- Born: 30 November 1976 (age 49) Djibouti
- Occupations: linguist, scholar and playwright

Academic background
- Alma mater: Jean Monnet University, University of Burgundy and Institut National des Langues et Civilisations Orientales

Academic work
- Discipline: Linguistics
- Sub-discipline: French didactics
- Institutions: University of Djibouti
- Notable works: Un enfant a tout prix (A Child at Any Price), play
- Website: https://souad-kassim-mohamed.blog4ever.com/

= Souad Kassim Mohamed =

Djiboutian linguist (born 1976)

Souad Kassim Mohamed (سعاد قاسم محمد; born 30 November 1976) is a Djiboutian linguist, scholar and playwright.

== Biography ==
Mohamed was born in 1976. She studied in France at Jean Monnet University in Saint-Etienne, the University of Burgundy in Dijon, and the Institut National des Langues et Civilisations Orientales (INALCO) in Paris.

She has researched the cultural practices of Yemeni migrants in Ambouli, Djibouti, putting forward the theory that Ambouli Yemenis have taken a form of "social revenge" by studying French to become officials and landowners. Djibouti was formerly a French colony and attracted migration, particularly that of merchants, in the 20th century. Mohamed has also studied trends in oral traditions in the Horn of Africa.

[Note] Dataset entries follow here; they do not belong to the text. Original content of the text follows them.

Lemma radial_potential_deriv (g : R -> R) (r : R) : continuous_everywhere g -> 0 < r ->
  derivable_pt_lim (radial_potential N g) r ((INR N - 2) * weighted_integral N g r / r ^ (N - 1)).
Proof.
  intros Hg Hr.
  assert (exists k, N = S (S (S k))) as [k ->] by (exists (N - 3)%nat; lia).
  replace (S (S (S k)) - 1)%nat with (S (S k)) by lia.
  apply (derivable_pt_lim_ext_loc
           (fun t => RInt (fun s => s * g s) 0 t - weighted_integral (S (S (S k))) g t / t ^ S k) _ r _ r);
    auto.
  { intros y Hy. apply Rabs_lt_between in Hy. unfold radial_potential.
    destruct (Rlt_dec 0 y); [|lra]. replace (S (S (S k)) - 2)%nat with (S k) by lia. auto. }
  unfold weighted_integral. replace (S (S (S k)) - 1)%nat with (S (S k)) by lia.
  replace ((INR (S (S (S k))) - 2) * RInt (fun t => t ^ S (S k) * g t) 0 r / r ^ S (S k))
    with (r * g r - ((r ^ S (S k) * g r) * r ^ S k
                     - (INR (S k) * r ^ pred (S k)) * RInt (fun s => s ^ S (S k) * g s) 0 r) / (r ^ S k)²).
  - apply derivable_pt_lim_minus.
    + apply (derivable_pt_lim_RInt_0 (fun s => s * g s)).
      apply continuous_everywhere_mult; [apply continuous_everywhere_id|auto].
    + apply (derivable_pt_lim_div (fun t => RInt (fun s => s ^ S (S k) * g s) 0 t) (fun t => t ^ S k)).
      * apply (derivable_pt_lim_RInt_0 (fun s => s ^ S (S k) * g s)).
        apply continuous_everywhere_mult; [apply continuous_everywhere_pow|auto].
      * apply derivable_pt_lim_pow.
      * apply pow_nonzero. lra.
  - simpl pred. unfold Rsqr. rewrite !S_INR. simpl. field. split; [apply pow_nonzero|]; lra.
Qed.
(* Let $V$ be a vector space over a commutative field $K$, and let $m$ be a product on the tensor coalgebra $T(V)$ such that $(T(V),m,\eta,\Delta,\varepsilon)$ is a bialgebra (its unit is then $1\in V^{\otimes0}$). Define $S:T(V)\to T(V)$ by $S(1)=1$ and, for $n\ge1$ and $p_1,\dots,p_n\in V$, $$S(p_1\top\cdots\top p_n)=-\sum_{c\subseteq\{1,\dots,n-1\}}(-1)^{\mathrm{card}(c)}(p_1\top\cdots\top p_n)_c.$$ Then $S$ is an antipode for $(T(V),m,\eta,\Delta,\varepsilon)$.
   Context: $T(V)=\bigoplus_{n\ge0}V^{\otimes n}$, with $v_1\top\cdots\top v_n$ denoting $v_1\otimes\cdots\otimes v_n\in V^{\otimes n}$ and $1$ the generator of $V^{\otimes0}=K$, is the tensor coalgebra with coproduct $\Delta(v_1\top\cdots\top v_n)=\sum_{k=0}^n(v_1\top\cdots\top v_k)\otimes(v_{k+1}\top\cdots\top v_n)$ and counit $\varepsilon(1)=1$, $\varepsilon(V^{\otimes n})=0$ for $n\ge1$. For $c=\{j_1<\cdots<j_r\}\subseteq\{1,\dots,n-1\}$, $(p_1\top\cdots\top p_n)_c$ is obtained by replacing the $j$-th symbol $\top$ (counted from the left) by the product $m$ for each $j\in c$, i.e. $(p_1\top\cdots\top p_n)_c=(p_1\top\cdots\top p_{j_1})\,(p_{j_1+1}\top\cdots\top p_{j_2})\cdots(p_{j_r+1}\top\cdots\top p_n)$, products taken with $m$. *)

From HB Require Import structures.
From mathcomp Require Import all_boot all_order all_algebra.
From mathcomp Require Import finmap.
From mathcomp Require Import monalg.
Set Implicit Arguments. Unset Strict Implicit. Unset Printing Implicit Defensive.
Import Order.TTheory GRing.Theory Num.Theory.
Local Open Scope ring_scope.

Section TensorCoalgebra.
Variables (K : fieldType) (I : choiceType).

(* V: the K-vector space with basis I (every vector space is of this form). *)
Definition Vsp := {malg K[I]}.
(* T(V) = (+)_n V^{(x)n}: basis = words over I; the word [:: i1;..;in]
   stands for i1 T ... T in. *)
Definition TV := {malg K[seq I]}.
(* T(V) (x) T(V): basis = pairs of words. *)
Definition TT := {malg K[(seq I * seq I)%type]}.

Definition mlift (A : choiceType) (W : lmodType K) (f : A -> W)
  (x : {malg K[A]}) : W := \sum_(a <- msupp x) x@_a *: f a.

(* the generator 1 of V^{(x)0} = K *)
Definition tone : TV := << [::] >>.

Definition tens2 (x y : TV) : TT :=
  mlift (fun a => mlift (fun b => (<< (a, b) >> : TT)) y) x.

Definition coprod (x : TV) : TT :=
  mlift (fun w : seq I =>
           \sum_(k < (size w).+1) (<< (take k w, drop k w) >> : TT)) x.

Definition counit (x : TV) : K := x@_[::].

(* p1 T p2 T ... T pn for vectors pi in V *)
Definition vtens (ps : seq Vsp) : TV :=
  foldr (fun (p : Vsp) (t : TV) =>
           mlift (fun i : I => mlift (fun w : seq I => (<< i :: w >> : TV)) t) p)
        tone ps.
Lemma fan_flip_ext_new_diag e :
  e \in T' -> is_diag e -> e \notin T -> ~~ incident i e -> e = ear_cover j.
Proof.
move=> eT' de eT nie; have nje := fan_flip_ext_notincident eT' de.
have fan_nosep x : x != j -> (mkedge j x \in T) || neighbour j x -> ~~ separates e i x.
  move=> ne_xj adj; rewrite -cross_mkedge; apply/negP => c.
  have ixT' : mkedge i x \in T'.
    by apply: (subsetP flipT'); apply: mem_fan_flip_fan ne_xj (cross_diag c) adj.
  by move: (ncT' eT' ixT'); rewrite c.
have [sep_ij | nsep_ij] := boolP (separates e i j).
  apply/eqP/negPn/negP => ne_ear.
  have [x nx sep_ix] := separates_neighbour n_ge3 de ne_ear sep_ij.
  have adj_x : (mkedge j x \in T) || neighbour j x by rewrite nx orbT.
  by rewrite (negbTE (fan_nosep x (neighbour_neq n_ge3 nx) adj_x)) in sep_ix.
have [f fT c] := triangulation_maximal triT de eT.
have jf : incident j f.
  apply: contraTT c => njf; apply: ncT' => //.
  by apply: (subsetP flipT'); exact: mem_fan_flip_kept.
have [y fy] := diag_incident_mkedge (triangulation_diag triT fT) jf.
rewrite fy cross_mkedge in c.
have ne_yj : y != j by apply: contraTneq c => ->; rewrite /separates eqxx /= !andbF.
have adj_y : (mkedge j y \in T) || neighbour j y by rewrite -fy fT.
have := separates_split nie c.
by rewrite separatesC (negbTE nsep_ij) (negbTE (fan_nosep y ne_yj adj_y)).
Qed.

End FanFlip.

Unset Implicit Arguments.

Theorem mainTheorem10 (n k : nat) (B : {set edge n}) (i j : 'I_n) :
  (3 <= n)%N ->
  nk_blocker k B ->
  mkedge i j \in B ->
  (forall e, e \in B -> incident i e -> e = mkedge i j) ->
  ear_cover j \in B.
Proof.
move=> n_ge3 /and3P[blB satB _] ijB only_ij.
have [T triT BT] := saturated_blocker_witness blB satB ijB.
have ijT : mkedge i j \in T by have := set11 (mkedge i j); rewrite -BT inE => /andP[].
have [T' triT' flipT'] :=
  noncrossing_extend (fan_flip_diag triT ijT) (fan_flip_noncrossing n_ge3 triT ijT).
have ncT' := triangulation_noncrossing triT'.
have [e eB eT'] := blocker_meets blB triT'.
have de := blocker_diag blB eB.
have ne_e_ij : e != mkedge i j.
  apply: contraTneq (fan_flip_ext_notincident ncT' flipT' eT' de) => ->.
  by rewrite incident_mkedge eqxx orbT.
have nie : ~~ incident i e by apply: contra ne_e_ij => /(only_ij e eB)/eqP.
have eT : e \notin T.
  apply: contra ne_e_ij => eT; have : e \in B :&: T by rewrite inE eB eT.
  by rewrite BT inE.
by rewrite -(fan_flip_ext_new_diag n_ge3 triT ncT' flipT' eT' de eT nie).
Qed.
Lemma zeta_csi'_inf_denom r : 0 < r -> 1 <= Kmax th ->
  exists d, 0 < d /\ zeta_csi' r th = Finite (r / d) /\
    (forall M K, 1 <= K -> K <= Kmax th -> K < M -> d <= denom_csi th M K r) /\
    (forall eps, 0 < eps -> exists M K,
       1 <= K /\ K <= Kmax th /\ K < M /\ denom_csi th M K r < d + eps).
Proof.
  intros Hr HKmax.
  set (E := fun z => exists M K, 1 <= K /\ K <= Kmax th /\ K < M /\ z = zeta_csi th M K r).
  assert (HE : forall z, E z -> exists M K, 1 <= K /\ K <= Kmax th /\ K < M /\
                 0 < denom_csi th M K r /\ z = r / denom_csi th M K r).
  { intros z (M & K & HK & HKm & HM & ->); exists M, K.
    pose proof (denom_csi_ge_rho_s M K r Hr ltac:(lra) HM).
    repeat split; try lra; apply zeta_csi_denom; lra. }
  assert (HE21 : E (zeta_csi th 2 1 r)) by (exists 2, 1; repeat split; lra).
  destruct (Lub_Rbar_finite E _ (r / rho_s th) HE21) as [s Hs].
  { intros z Hz; destruct (HE z Hz) as (M & K & HK & _ & HM & HD & ->).
    apply Rdiv_le_contravar_l; [lra | lra |].
    apply denom_csi_ge_rho_s; lra. }
  destruct (Lub_Rbar_correct E) as [Hub _]; rewrite Hs in Hub.
  assert (Hs_pos : 0 < s).
  { destruct (HE _ HE21) as (M & K & _ & _ & _ & HD & Hz).
    specialize (Hub _ HE21); simpl in Hub; rewrite Hz in Hub.
    pose proof (Rdiv_lt_0_compat r _ Hr HD); lra. }
  exists (r / s); split; [apply Rdiv_lt_0_compat; lra | split; [| split]].
  - unfold zeta_csi'; fold E; rewrite Hs; f_equal; field; lra.
  - intros M K HK HKm HM; apply Rnot_lt_le; intros Hlt.
    assert (HEz : E (r / denom_csi th M K r))
      by (exists M, K; repeat split; try lra; symmetry; apply zeta_csi_denom; lra).
    specialize (Hub _ HEz); simpl in Hub.
    pose proof (denom_csi_ge_rho_s M K r Hr ltac:(lra) HM).
    pose proof (Rdiv_lt_contravar_l r (denom_csi th M K r) _ Hr ltac:(lra) Hlt).
    replace (r / (r / s)) with s in * by (field; lra); lra.
  - intros eps Heps.
    assert (Hy : Rbar_lt (r / (r / s + eps)) (Lub_Rbar E)).
    { rewrite Hs; simpl.
      pose proof (Rdiv_lt_contravar_l r (r / s) (r / s + eps) Hr
                    ltac:(apply Rdiv_lt_0_compat; lra) ltac:(lra)).
      replace (r / (r / s)) with s in * by (field; lra); lra. }
    destruct (Lub_Rbar_approx E _ Hy) as (z & Hz & Hyz).
    destruct (HE z Hz) as (M & K & HK & HKm & HM & HD & ->).
    exists M, K; repeat split; try lra.
    apply Rnot_le_lt; intros Hle.
    assert (Hpos : 0 < r / s + eps) by (pose proof (Rdiv_lt_0_compat r s Hr Hs_pos); lra).
    pose proof (Rdiv_le_contravar_l r _ _ ltac:(lra) Hpos Hle); lra.
Qed.

Lemma zeta_zf'_lt_zeta_csi' r : 0 < r -> 1 <= Kmax th ->
  Rbar_lt (zeta_zf' r th) (zeta_csi' r th).
Proof.
  intros Hr HKmax.
  destruct (zeta_csi'_inf_denom r Hr HKmax) as (d & Hd & Hcsi & Hinf & _).
  rewrite Hcsi; apply Rbar_le_lt_trans with (Finite (r / (d + 2 * rho_0 th))).
  - apply Lub_Rbar_correct; intros z (M & K & tau & HK & HKm & Htau & HtauT & HM & ->).
    pose proof (Hinf M K HK HKm HM).
    pose proof (denom_zf_ge M K tau r Hr HK Htau HtauT HM).
    apply Rdiv_le_contravar_l; lra.
  - apply Rdiv_lt_contravar_l; lra.
Qed.

Lemma zeta_csi'_lt_zeta_zf' r : 0 < r -> 1 <= Kmax th -> alpha th / 2 < rho_s th ->
  Rbar_lt (Rbar_mult (3 / 8) (zeta_csi' (4 / 3 * r) th)) (zeta_zf' r th).
Proof.
  intros Hr HKmax Hslack.
  destruct (zeta_csi'_inf_denom (4 / 3 * r) ltac:(lra) HKmax) as (d & Hd & Hcsi & _ & Happrox).
  destruct (Happrox ((rho_s th - alpha th / 2) / 2) ltac:(lra))
    as (M & K & HK & HKm & HM & HD).
  pose proof (denom_zf_quarter_le M K r Hr HK HKm HM) as Hzf.
  destruct (Kmax_le K HKm) as (HKT & _ & _).
  pose proof (denom_zf_ge M K (TT th / 4) r Hr HK HKT ltac:(lra) HM).
  pose proof (denom_csi_ge_rho_s M K r Hr ltac:(lra) HM).
  rewrite Hcsi; apply Rbar_lt_le_trans with (Finite (zeta_zf th M K (TT th / 4) r)).
  - simpl; replace (3 / 8 * (4 / 3 * r / d)) with (r / (2 * d)) by (field; lra).
    apply Rdiv_lt_contravar_l; lra.
  - apply Lub_Rbar_correct; exists M, K, (TT th / 4); repeat split; lra.
Qed.

End Denominators.

Lemma Kmax_mkTheta a rr rd rs r0 T : 0 < rr -> 0 < r0 ->
  Kmax (mkTheta a rr rd rs r0 T)
  = Rmin (T / 4) (Rmin (1 / (3 * (r0 / rr))) (3 * (rd / rr) / (2 * (r0 / rr)))).
Proof. intros Hrr Hr0; unfold Kmax; simpl; f_equal; f_equal; field; lra. Qed.

Theorem corollary1 (Rr alpha0 rr rd rs r0 T : R) :
  0 < Rr ->
  1 < alpha0 -> 0 < rr -> 0 < rd -> 0 < rs -> 0 < r0 -> 1 < T ->
  (let beta := rd / rr in let delta := rs / rr in let mu := r0 / rr in
   Rmin (T / 4) (Rmin (1 / (3 * mu)) (3 * beta / (2 * mu))) > 10 /\
   rr > alpha0 / (2 * delta)) ->
  let th := mkTheta alpha0 rr rd rs r0 T in
  Rbar_lt (Rbar_mult (Finite (3 / 8)) (zeta_csi' (4 / 3 * Rr) th)) (zeta_zf' Rr th) /\
  Rbar_lt (zeta_zf' Rr th) (zeta_csi' Rr th).
Proof.
  intros HR Halpha Hrr Hrd Hrs Hr0 HT [HKmin Hrr_large] th; cbv zeta in HKmin, Hrr_large.
  assert (HKmax : 1 <= Kmax th) by (unfold th; rewrite Kmax_mkTheta; lra).
  assert (Hslack : alpha0 / 2 < rs).
  { replace (alpha0 / (2 * (rs / rr))) with (rr * alpha0 / (2 * rs)) in Hrr_large
      by (field; lra).
    apply Rlt_div_l in Hrr_large; nra. }
  split; [apply zeta_csi'_lt_zeta_zf' | apply zeta_zf'_lt_zeta_csi']; simpl; lra.
Qed.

Mohamed has critiqued literary stereotypes of the sterile and cursed woman, through writing the play Un enfant a tout prix (A Child at Any Price), which explores the common belief that infertility in marriage must be the woman's problem.

With Marine Larocca of the French Institute of Djibouti, Mohamed published Teaching French in secondary schools in Djibouti: What place for linguistic variation? She has contributed to publications including Al-Shajarah: Journal of the International Institute of Islamic Thought and Civilisation (ISTAC).

She works as a senior lecturer in linguistics and French didactics at the University of Djibouti.